Then came another course with set theory which adds a ‘belongs to’ predicate (‘∈’) and a few axioms. In set theory everything is a set as in computer machine language everything is a bit, or informal collections of them. To reason about natural numbers some representation of a natural number was required. Several were proposed historically but von Neumann’s won the day: 3 = {0, 1, 2}, etc. After proving Peano’s axioms for natural numbers to convince most that von Neumann’s constructs were really just like natural numbers the representation details were swept under the rug whereupon it was considered declassé to write 3 ⊂ 5 which is so since von Neumann’s natural numbers were really sets.

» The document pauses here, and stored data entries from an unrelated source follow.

(* Suppose $n=3$. Then $x\sigma(x)+\sigma(x)\sigma^2(x)+\sigma^2(x)x=0$ and $N_\mathbb{K}(x+\sigma(x))=-N_\mathbb{K}(x)$.
   Context: Let $n=3$ and $p$ a prime with $p\equiv 1 \pmod 3$. Let $\zeta_p=e^{2\pi i/p}$, let $r$ be a primitive root modulo $p$, and let $\sigma$ be the automorphism of $\mathbb{Q}(\zeta_p)$ with $\sigma(\zeta_p)=\zeta_p^r$. Let $\mathbb{K}=\{y\in\mathbb{Q}(\zeta_p):\sigma^3(y)=y\}$, a cubic field. Let $\alpha=\prod_{j=0}^{(p-3)/2}(1-\zeta_p^{r^j})$, $\lambda$ an integer with $\lambda(r-1)\equiv1\pmod p$, $z=\zeta_p^{\lambda}\alpha(1-\zeta_p)$, $x=\mathrm{Tr}_{\mathbb{Q}(\zeta_p)/\mathbb{K}}(z)=\sum_{j=1}^{(p-1)/3}\sigma^{3j}(z)$. $N_\mathbb{K}$ is the norm from $\mathbb{K}$ to $\mathbb{Q}$. *)

From HB Require Import structures.
From mathcomp Require Import all_boot all_order all_algebra all_field.
Set Implicit Arguments. Unset Strict Implicit. Unset Printing Implicit Defensive.
Import Order.TTheory GRing.Theory Num.Theory.
Local Open Scope ring_scope.

(* zeta_p = e^{2 pi i/p}: p.-root (-1) is the p-th root of -1 with minimal
   nonnegative argument, i.e. e^{i pi/p}; its square is e^{2 pi i/p}. *)
Definition zeta (p : nat) : algC := (p.-root (-1)) ^+ 2.

Definition alpha (p r : nat) : algC :=
  \prod_(0 <= j < ((p - 3) %/ 2).+1) (1 - zeta p ^+ (r ^ j)).

Definition zz (p r : nat) (lam : int) : algC :=
  zeta p ^ lam * alpha p r * (1 - zeta p).

(* x = Tr_{Q(zeta)/K}(z) = sum_{j=1}^{(p-1)/3} sigma^{3j}(z) *)
Definition xx (p r : nat) (lam : int) (sigma : algC -> algC) : algC :=
  \sum_(1 <= j < ((p - 1) %/ 3).+1) iter (3 * j) sigma (zz p r lam).

(* Norm from the cubic field K (fixed field of sigma^3) to Q:
   product over Gal(K/Q) = {1, sigma, sigma^2} restricted to K. *)
Definition normK (sigma : algC -> algC) (y : algC) : algC :=
  y * sigma y * sigma (sigma y).

From HB Require Import structures.
From mathcomp Require Import all_boot all_order all_algebra all_field.
From mathcomp Require Import zify ring.
Import Order.TTheory GRing.Theory Num.Theory.
Local Open Scope ring_scope.
Set Implicit Arguments. Unset Strict Implicit. Unset Printing Implicit Defensive.

(* Write p - 1 = 6q, zeta = zeta p, and let eta_k be the signed period
   sum_(j < 2q) (-1)^(3j+k) zeta^(r^(3j+k)).  Under sigma the product alpha
   telescopes to -zeta^(-1) alpha, so with lambda (r - 1) = 1 mod p the factor
   w = zeta^lambda alpha satisfies sigma w = -w; hence sigma^i z = w ((-1)^i -
   (-1)^i zeta^(r^i)), x = -w eta_0, sigma x = -w eta_1, sigma^2 x = -w eta_2
   and sigma^3 x = x.  In eta_0 eta_1 + eta_1 eta_2 + eta_2 eta_0, the terms
   with a given offset 3s + 1 between the two indices sum zeta^(c r^i) over all
   i < p - 1, with c = 1 + r^(3s+1) prime to p, which gives -1; the resulting
   alternating sum over s < 2q vanishes.  The norm identity then follows from
   (a+b)(b+c)(c+a) = (a+b+c)(ab+bc+ca) - abc. *)

Lemma sum_shift_periodic {V : nmodType} (F : nat -> V) m c :
  (forall j, F (j + m)%N = F j) ->
  \sum_(0 <= j < m) F (j + c)%N = \sum_(0 <= j < m) F j.
Proof.
case: m => [|m] F_per; first by rewrite !big_geq.
elim: c => [|c IHc]; first by under eq_bigr do rewrite addn0.
rewrite -IHc big_nat_recr // big_nat_recl // addrC addnS -addSn addnC F_per.
by congr (_ + _); apply: eq_bigr => j _; rewrite addSnnS.
Qed.

Lemma sum_nat_mul_split {V : nmodType} (F : nat -> V) m n :
  \sum_(0 <= i < m * n) F i = \sum_(0 <= t < n) \sum_(0 <= j < m) F (n * j + t)%N.
Proof.
rewrite big_nat_mul exchange_big; apply: eq_bigr => j _.
rewrite -[(j * n)%N]add0n big_addn mulSn addnK.
by apply: eq_bigr => t _; rewrite addnC mulnC.
Qed.

Lemma sum_sign_double (R : ringType) m : \sum_(0 <= j < m.*2) (-1) ^+ j = 0 :> R.
Proof.
elim: m => [|m IHm]; first by rewrite big_geq.
by rewrite doubleS !big_nat_recr //= IHm add0r exprS mulN1r addrN.
Qed.

Lemma prim_root_half (R : idomainType) h (w : R) :
  (h * 2).-primitive_root w -> w ^+ h = -1.
Proof.
move=> w_prim; have h_gt0 : (0 < h)%N by have := prim_order_gt0 w_prim; lia.
have wh_neq1 : w ^+ h != 1.
  by rewrite -[1](expr0 w) (eq_prim_root_expr w_prim) mod0n modn_small; lia.
have /eqP : (w ^+ h) ^+ 2 = 1 by rewrite -exprM prim_expr_order.
by rewrite sqrf_eq1 (negbTE wh_neq1) => /eqP.
Qed.

Lemma sum_prim_root_expr (R : idomainType) n (w : R) :
  (1 < n)%N -> n.-primitive_root w -> \sum_(i < n) w ^+ i = 0.
Proof.
move=> n_gt1 w_prim; have /eqP := subrX1 w n.
rewrite prim_expr_order // subrr eq_sym mulf_eq0 subr_eq0 => /orP[|/eqP//].
by rewrite -{1}(expr1 w) -(expr0 w) (eq_prim_root_expr w_prim) mod0n modn_small.
Qed.

Lemma prim_root_exprz_mod (F : fieldType) n (z : F) (a b : int) :
  n.-primitive_root z -> (a = b %[mod n])%Z -> z ^ a = z ^ b.
Proof.
move=> z_prim /eqP; rewrite eqz_mod_dvd => /dvdzP[k ab].
have z_unit : z \is a GRing.unit.
  by rewrite unitfE (prim_root_eq0 z_prim) -lt0n (prim_order_gt0 z_prim).
rewrite -(subrK b a) ab exprzDr // (mulrC k) -exprz_exp -exprnP.
by rewrite (prim_expr_order z_prim) exp1rz mul1r.
Qed.

Lemma prime_pred_mul6 p : prime p -> (p %% 3 = 1)%N -> exists q, p.-1 = (6 * q)%N.
Proof.
move=> p_prime p_mod3; exists (p %/ 6)%N.
have [p_eq2|p_odd] := even_prime p_prime; first by rewrite p_eq2 in p_mod3.
have p_mod2 : (p %% 2 = 1)%N by rewrite modn2 p_odd.
lia.
Qed.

This style of hiding but not ultimately denying that natural numbers were sets was palpable. If I understand the type notions presented in this paper then their plan is to formally hide such representation details.
While each natural number was represented as a unique set, subsequent math constructs were more conveniently represented by equivalence classes where some equivalence relation was specified. These equivalence classes were typically infinite. For instance integers, including negative integers, were most conveniently represented as pairs of natural numbers. –3 = { … <5, 8>, <6, 9>, …}. This is probably not how a programmer would introduce signed integers starting with only unsigned integers, but it would work. The paper takes pairs of integers whose ratio is a rational number of interest. That was what the math foundations class did also. That requires specifying an equivalence relation between pairs. That relation must be symmetric, reflexive and transitive.
These two techniques are close to the above ideas and may even be included.
How do these ideas differ from ordinary abstraction?